Голова Павла мотнулась и будто оторвалась. Опять потухающим сознанием Демидов сообразил, что Макшеев снова пнул его сапогом, снова, крича теперь на всю деревню, призывая людей на помощь, принялся его избивать, но боли не чувствовал. Вспухло перед ним что-то большое, оранжево-красное, разрослось и лопнуло беззвучно…
… За поджог колхозной риги (дотла сгорело несколько ржаных зародов, молотилка и две веялки) Павла Демидова осудили на десять лет. Что бы он ни говорил в свое оправдание, слова его звучали для всех как-то жалко, неубедительно – так уж все подвел Денис Макшеев, который – достигали до Павла отрывочные слухи – ходил теперь в героях за поимку поджигателя колхозного хлеба на месте преступления.
И покатилась жизнь Демидова колесом куда-то в пропасть, все глубже и глубже…
Срок он отбывал в лагере неподалеку от родных мест, строил на мерзлой земле рудник, что ли, какой-то. В сорок втором, осенью, неожиданно посадили его вместе с другими в грязную теплушку с зарешеченными окнами, повезли неведомо куда. С месяц, наверное, ехали, пока не узнали – на фронт, в штрафной батальон.
Но хоть и штрафной – а полегче все же стало, мир пошире открылся вокруг штрафников – люди обыкновенные, какие живут на земле. Поставил перед собой задачу Демидов: хоть и несправедливо обошлась с ним судьба, а надо доказать, что он человек все же, человеком и останется.

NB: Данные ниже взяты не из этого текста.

(* The coefficients of [f] on a class of monomials modulo [L] sum to zero, so the class
   of a monomial of [f] contains another one. *)
Lemma lattice_ideal_supp_cong f m : I f -> m \in msupp f ->
  exists2 m', m' \in msupp f & m' != m /\ L (mnm_vec m - mnm_vec m').
Proof.
move=> If f_m; pose P w := `[< L (mnm_vec w - mnm_vec m) >].
have P_cong w m1 m2 : L (mnm_vec m1 - mnm_vec m2) -> P (w + m1)%MM = P (w + m2)%MM.
  move=> L12; apply/asboolP/asboolP => Lw.
    have -> : mnm_vec (w + m2) - mnm_vec m =
              (mnm_vec (w + m1) - mnm_vec m) - (mnm_vec m1 - mnm_vec m2).
      by apply/rowP => i; rewrite !mxE !mnmDE; lia.
    exact: latticeB.
  have -> : mnm_vec (w + m1) - mnm_vec m =
            (mnm_vec (w + m2) - mnm_vec m) + (mnm_vec m1 - mnm_vec m2).
    by apply/rowP => i; rewrite !mxE !mnmDE; lia.
  exact: latticeD.
have := lattice_ideal_coef_sum P_cong If.
have Pm : P m by apply/asboolP; rewrite subrr; apply: lattice0.
rewrite /coef_sum big_mkcond (bigD1_seq m) ?msupp_uniq //= Pm.
move=> sum0; apply: contrapT => no_partner; move: f_m.
rewrite mcoeff_msupp -sum0 big1_seq ?addr0 ?eqxx // => w /andP[w_m w_f].
case: ifP => // /asboolP Lw; case: no_partner; exists w => //.
by split => //; apply: lattice_subC.
Qed.

Lemma initial_monomial_descent u : initial_ideal I 'X_[u] ->
  exists u', revlex_gt u u' /\ L (mnm_vec u - mnm_vec u').
Proof.
move=> [k [c [t [lead_t Xu]]]].
have /existsP[i nz_i] : [exists i, (c i * t i)@_u != 0].
  apply: contraT => /existsPn all0; move/(congr1 (mcoeff u)): Xu.
  rewrite mcoeffX eqxx raddf_sum big1 => [/eqP|i _]; first by rewrite oner_eq0.
  by apply/eqP; rewrite -[_ == _]negbK all0.
have [f [If [_ [m [f_m [lead_m t_i]]]]]] := lead_t i.
have : (c i * 'X_[m])@_u != 0.
  by apply: contraNneq nz_i; rewrite t_i -scalerAr mcoeffZ => ->; rewrite mulr0.
rewrite -mcoeff_msupp (perm_mem (msuppMX _ _)) => /mapP[w _ ->].
have [m' f_m' [neq_m'm Lmm']] := lattice_ideal_supp_cong If f_m.
exists (w + m')%MM; split.
- apply/revlex_gtE; rewrite !mnm_vecD ![mnm_vec w + _]addrC.
  by apply: revlexz_gtD2r; apply/revlex_gtE/lead_m.
- by rewrite !mnm_vecD opprD addrACA subrKA.
Qed.

Lemma initial_binomial u v : revlex_gt u v -> L (mnm_vec u - mnm_vec v) ->
  initial_ideal I 'X_[u].
Proof.
move=> gt_uv Luv; have neq_uv : u != v.
  by apply/eqP => eq_uv; move: gt_uv; rewrite eq_uv => /revlex_gtE/revlexz_gt_irr.
have coef_u : ('X_[u] - 'X_[v] : {mpoly K[s]})@_u = 1.
  by rewrite mcoeffB !mcoeffX eqxx eq_sym (negbTE neq_uv) subr0.
rewrite -['X_[u]]mul1r; apply: ideal_gen_mul; exists ('X_[u] - 'X_[v]); split; last split.
- pose l := mnm_vec u - mnm_vec v; pose w := [multinom minn (u i) (v i) | i < s].
  have -> : 'X_[u] - 'X_[v] = 'X_[w] * ('X_[mpos l] - 'X_[mneg l]) :> {mpoly K[s]}.
    rewrite mulrBr -!mpolyXD; congr ('X_[_] - 'X_[_]);
      by apply/mnmP => i; rewrite mnmDE !mnmE !mxE; case: ifP; lia.
  by apply: ideal_gen_mul; exists l.
- by apply/eqP => eq0; move: coef_u; rewrite eq0 mcoeff0 => /eqP; rewrite eq_sym oner_eq0.
- exists u; split; last split; last by rewrite coef_u scale1r.
  + by rewrite mcoeff_msupp coef_u oner_neq0.
  + move=> m; rewrite mcoeff_msupp mcoeffB !mcoeffX [u == m]eq_sym => nz_m /negbTE neq_mu.
    move: nz_m; rewrite neq_mu sub0r oppr_eq0.
    by case: (v =P m) => [<- //|_]; rewrite eqxx.
Qed.

Lemma initial_monomialP u : initial_ideal I 'X_[u] <->
  exists v, revlex_gt u v /\ L (mnm_vec u - mnm_vec v).
Proof.
split; first exact: initial_monomial_descent.
by case=> v [gt_uv Luv]; apply: initial_binomial gt_uv Luv.
Qed.

End InitialIdeal.

Lemma submx_corank1_kernel (F : fieldType) r s (M : 'M[F]_(r, s)) (c : 'cV[F]_s)
    (v : 'rV[F]_s) :
  c != 0 -> M *m c = 0 -> \rank M = s.-1 -> v *m c = 0 -> (v <= M)%MS.
Proof.
move=> nz_c Mc rkM vc; set N := col_mx M v.
have rkN : (\rank N <= s.-1)%N.
  have := mulmx0_rank_max (_ : N *m c = 0).
  rewrite mul_col_mx Mc vc col_mx0 => /(_ erefl).
  by rewrite -mxrank_eq0 in nz_c; lia.
have sMN : (M <= N)%MS by rewrite -addsmxE addsmxSl.
have sNM : (N <= M)%MS.
  have [_ <-] := mxrank_leqif_sup sMN.
  by rewrite eqn_leq rkM rkN andbT -{1}rkM; apply: mxrankS.
by apply: submx_trans sNM; rewrite -addsmxE addsmxSr.
Qed.

Lemma rat_submx_int_multiple r s (M : 'M[int]_(r, s)) (v : 'rV[int]_s) :
  (map_mx intr v <= map_mx (intr : int -> rat) M)%MS ->
  exists2 k : nat, (0 < k)%N & exists y : 'rV[int]_r, v *+ k = y *m M.
Proof.
case/submxP => x vxM; pose d : int := \prod_j denq (x ord0 j).
have d_gt0 : 0 < d by apply: prodr_gt0 => j _; apply: denq_gt0.
have [y yE] : exists y : 'rV[int]_r, forall j, (y ord0 j)%:~R = d%:~R * x ord0 j.
  exists (\row_j (numq (x ord0 j) * \prod_(l | l != j) denq (x ord0 l))) => j.
  by rewrite mxE /d [X in _ = X%:~R * _](bigD1 j) //= !intrM numqE; ring.
case: d d_gt0 yE => // k k_gt0 yE; exists k => //; exists y.
apply/rowP => i; apply: (@intr_inj rat); move/rowP/(_ i): vxM.
rewrite !mxE => vxM_i; rewrite -[v *+ k]/(v *~ k) -scaler_int !mxE intrM vxM_i.
rewrite mulr_sumr rmorph_sum; apply: eq_bigr => j _.
by rewrite rmorphM /= yE !mxE intz mulrA.
Qed.

Lemma homogeneous_lattice_multiple s (L : 'rV[int]_s -> Prop) (v : 'rV[int]_s) :
  (0 < s)%N -> is_lattice L -> homogeneous L -> lattice_rank L s.-1 ->
  \sum_(i < s) v ord0 i = 0 -> exists2 k : nat, (0 < k)%N & L (v *+ k).
Proof.
move=> s_gt0 latL homL [[M [LM rkM]] _] v0.
pose ones : 'cV[rat]_s := const_mx 1.
have rows_sum0 r (A : 'M[int]_(r, s)) :
    (forall i, \sum_j A i j = 0) -> map_mx intr A *m ones = 0.
  move=> A0; apply/colP => i; rewrite !mxE -[RHS]/((0 : int)%:~R) -(A0 i) rmorph_sum.
  by apply: eq_bigr => j _; rewrite !mxE mulr1.
have nz_ones : ones != 0.
  by apply/eqP => /colP/(_ (Ordinal s_gt0)); rewrite !mxE => /eqP; rewrite oner_eq0.
have Mones : map_mx intr M *m ones = 0.
  apply: rows_sum0 => i; rewrite -[RHS](homL _ (LM i)).
  by apply: eq_bigr => j _; rewrite mxE.
have vones : map_mx intr v *m ones = 0 by apply: rows_sum0 => i; rewrite ord1.
have [k k_gt0 [y vk]] :=
  rat_submx_int_multiple (submx_corank1_kernel nz_ones Mones rkM vones).
exists k; rewrite // vk mulmx_sum_row; apply: lattice_sum => // j.
by apply: latticeZ => //; apply: LM.
Qed.

Lemma finite_descent (X : Type) (T : finType) (enc : X -> T) (P Q : X -> Prop)
    (gt : X -> X -> Prop) :
  (forall x, ~ gt x x) -> (forall x y z, gt x y -> gt y z -> gt x z) ->
  (forall x y, P x -> P y -> enc x = enc y -> x = y) ->
  (forall x, P x -> ~ Q x -> exists2 y, P y & gt x y) ->
  forall x, P x -> exists2 y, P y & Q y.
Proof.
move=> gt_irr gt_trans enc_inj descent.
pose below x := [set t | `[< exists2 y, P y & enc y = t /\ gt x y >]].
suff below_ind k x : (#|below x| < k)%N -> P x -> exists2 y, P y & Q y.
  by move=> x; apply: below_ind (ltnSn _).
elim: k x => // k IHk x lt_x_k Px.
have [Qx|nQx] := EM (Q x); first by exists x.
have [y Py gt_xy] := descent x Px nQx; apply: (IHk y) => //.
suff: below y \proper below x by move/proper_card/leq_trans; apply.
apply/properP; split.
- apply/subsetP => t; rewrite !inE => /asboolP[z Pz [<- gt_yz]].
  by apply/asboolP; exists z => //; split => //; apply: gt_trans gt_yz.
- exists (enc y); rewrite !inE; first by apply/asboolP; exists y.
  apply/negP => /asboolP[z Pz [/enc_inj eq_zy gt_yz]].
  by move: gt_yz; rewrite (eq_zy Pz Py) => /gt_irr.
Qed.

Section Truncation.
Variable n : nat.

Lemma eq_ord_max (i : 'I_n.+1) : (n <= i)%N -> i = ord_max.
Proof. by move=> le_ni; apply/val_inj/eqP; rewrite eqn_leq le_ni -ltnS ltn_ord. Qed.

Lemma trunc_mon_max (a : 'rV[int]_n.+1) : trunc_mon a ord_max = 0%N.
Proof. by rewrite mnmE ltnn. Qed.

Lemma trunc_monE (a : 'rV[int]_n.+1) (i : 'I_n.+1) :
  0 <= a ord0 i -> (i < n)%N -> (trunc_mon a i)%:Z = a ord0 i.
Proof. by move=> a_i_ge0 lt_in; rewrite mnmE lt_in gez0_abs. Qed.

Lemma revlex_gt_max_eq0 (m m' : 'X_{1..n.+1}) :
  revlex_gt m m' -> m' ord_max = 0%N -> m ord_max = 0%N.
Proof.
move=> [i [lt_i eq_above]] m'_max0; have [lt_in|/eq_ord_max eq_i] := ltnP i n.
  by rewrite eq_above.
by move: lt_i; rewrite eq_i m'_max0.
Qed.

End Truncation.

Section StandardRepresentative.
Variables (K : fieldType) (n : nat) (L : 'rV[int]_n.+1 -> Prop).
Hypotheses (latL : is_lattice L) (homL : homogeneous L) (rkL : lattice_rank L n).

Definition nonneg_head (a : 'rV[int]_n.+1) :=
  forall i : 'I_n.+1, (i < n)%N -> 0 <= a ord0 i.

Local Notation standard m := (~ initial_ideal (lattice_ideal (K := K) L) 'X_[m]).

Lemma standard_rep_unique a b :
  nonneg_head a -> nonneg_head b -> standard (trunc_mon a) -> standard (trunc_mon b) ->
  L (a - b) -> a = b.
Proof.
wlog le_ab : a b / a ord0 ord_max <= b ord0 ord_max.
  move=> wlog_ab a_ge0 b_ge0 std_a std_b Lab.
  have [le|/ltW le] := lerP (a ord0 ord_max) (b ord0 ord_max); first exact: wlog_ab.
  by apply/esym/wlog_ab => //; apply: lattice_subC.
move=> a_ge0 b_ge0 std_a std_b Lab; apply: contrapT => neq_ab; set u := trunc_mon a.
have [v vE] : exists v, mnm_vec v = b - a + mnm_vec u.
  apply: mnm_vec_nonneg => i; rewrite !mxE; have [lt_in|/eq_ord_max ->] := ltnP i n.
    by rewrite trunc_monE ?a_ge0 // subrK b_ge0.
  by rewrite trunc_mon_max addr0 subr_ge0.
have uvE : mnm_vec u - mnm_vec v = a - b by rewrite vE opprD addrC addrNK opprB.
have Luv : L (mnm_vec u - mnm_vec v) by rewrite uvE.
have : mnm_vec u != mnm_vec v by rewrite -subr_eq0 uvE subr_eq0; apply/eqP.
case/revlexz_gt_total => /revlex_gtE gt_uv.
  by apply: std_a; apply/(initial_monomialP K latL); exists v.
have vE' : v = trunc_mon b.
  apply/mnm_vec_inj/rowP => i; have [lt_in|/eq_ord_max ->] := ltnP i n.
    by rewrite vE !mxE !trunc_monE ?a_ge0 ?b_ge0 // subrK.
  by rewrite !mxE trunc_mon_max (revlex_gt_max_eq0 gt_uv (trunc_mon_max a)).
apply: std_b; apply/(initial_monomialP K latL); rewrite -vE'; exists u.
by split => //; apply: lattice_subC.
Qed.

Lemma nonneg_head_rep alpha : exists2 a, L (a - alpha) & nonneg_head a.
Proof.
pose e i : 'rV[int]_n.+1 := 'e_i - 'e_ord_max.
have sum_delta j0 : \sum_j ('e_j0 : 'rV[int]_n.+1) ord0 j = 1.
  by rewrite (bigD1 j0) //= big1 ?addr0 => [|j /negbTE nj]; rewrite mxE ?eqxx // nj.
have /fin_all_exists[k k_e] : forall i, exists k : nat, (0 < k)%N /\ L (e i *+ k).
  move=> i; have e_sum0 : \sum_j e i ord0 j = 0.
    by under eq_bigr do rewrite mxE [X in _ + X]mxE; rewrite sumrB !sum_delta subrr.
  have [k k_gt0 Lk] := homogeneous_lattice_multiple (ltn0Sn n) latL homL rkL e_sum0.
  by exists k.
exists (alpha + \sum_i e i *+ (k i * `|alpha ord0 i|)).
  rewrite addrAC subrr add0r; apply: lattice_sum => // i.
  by rewrite mulrnA; apply: latticeMn => //; case: (k_e i).
move=> i lt_in; have /negbTE neq_i_max : i != ord_max.
  by apply: contraTneq lt_in => ->; rewrite ltnn.
rewrite !mxE summxE (bigD1 i) //= big1 => [|j /negbTE neq_ji]; last first.
  by rewrite mulmxnE !mxE neq_i_max [i == j]eq_sym neq_ji subrr mul0rn.
rewrite mulmxnE !mxE eqxx neq_i_max subr0 addr0 /= natz.
have [/(leq_pmull `|alpha ord0 i|) le_k _] := k_e i.
by move: (k i * _)%N le_k => m; move: (alpha ord0 i) => x; lia.
Qed.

Но, видно, недаром говорят: судьба индейка, а жизнь копейка. Досуха выпил он вроде горькую чашу, да самая горечь на самом донышке еще оставалась. И ее довелось выхлебнуть.
В первом же бою был он захвачен в плен.
Случилось это в ноябре, под станцией Качалинской. В ту пору ходили слухи, что Красная Армия готовится к могучим боям, чтобы отбросить фашистов от Сталинграда. И бои эти, по всему видно было, начались.
Их штрафному батальону поставили задачу во что бы то ни стало преодолеть полузамерзшую реку Дон, достичь другого берега, зацепиться за него и любой ценой удержать.
– Форсировать-то будут в другом месте, а нас – на убой кидают, чтоб внимание немцев отвлечь, – сказал Демидову какой-то солдат из уголовников перед началом операции.
– Что ж, штрафники и есть штрафники.
– Оно так… А зазря-то на убой… На середке лед, говорят, совсем тонкий. Перетопнем еще.
– Заткнись, ты! – глухо кинул Демидов.
– Слушай, кореш… Я видел на занятиях – метко ты из винтовки лепишь, – не унимался рыжий. – А наше дело такое – до первого ранения, до первой крови.
– Ну? – насторожился Демидов.
– Вот тут в гомонце у меня пара кусков. И бока золотые.
– Что-что?
– Две тысячи, говорю, денег. И часы. Вот возьми. И один кусок… Сейчас, перед атакой, артподготовка начнется. Отойдем в овражек, а? Лупанешь меня из винтовки по левой руке… Ведь так и так… Грохот будет – выстрела никто не услышит. И я тебе другой кусок… Уцелеешь коли – пригодятся…
– Давай! – сурово проговорил Демидов. – Все давай! И вторую тыщу.
На первых порах заключения Павел боялся всякой шпаны, а потом уяснил: эта сволочь силу уважает, подчиняется ей беспрекословно, и еще – наглость. И он научился управляться с этим народом. Поэтому сейчас, получив часы и деньги, он не торопясь спрятал все в карман. Потом развернулся и тяжко, с придыхом ударил жестким кулаком прямо в широкоскулое лицо уголовника. Тот отлетел в снег, быстро вскочил, вытирая кровь с подбородка.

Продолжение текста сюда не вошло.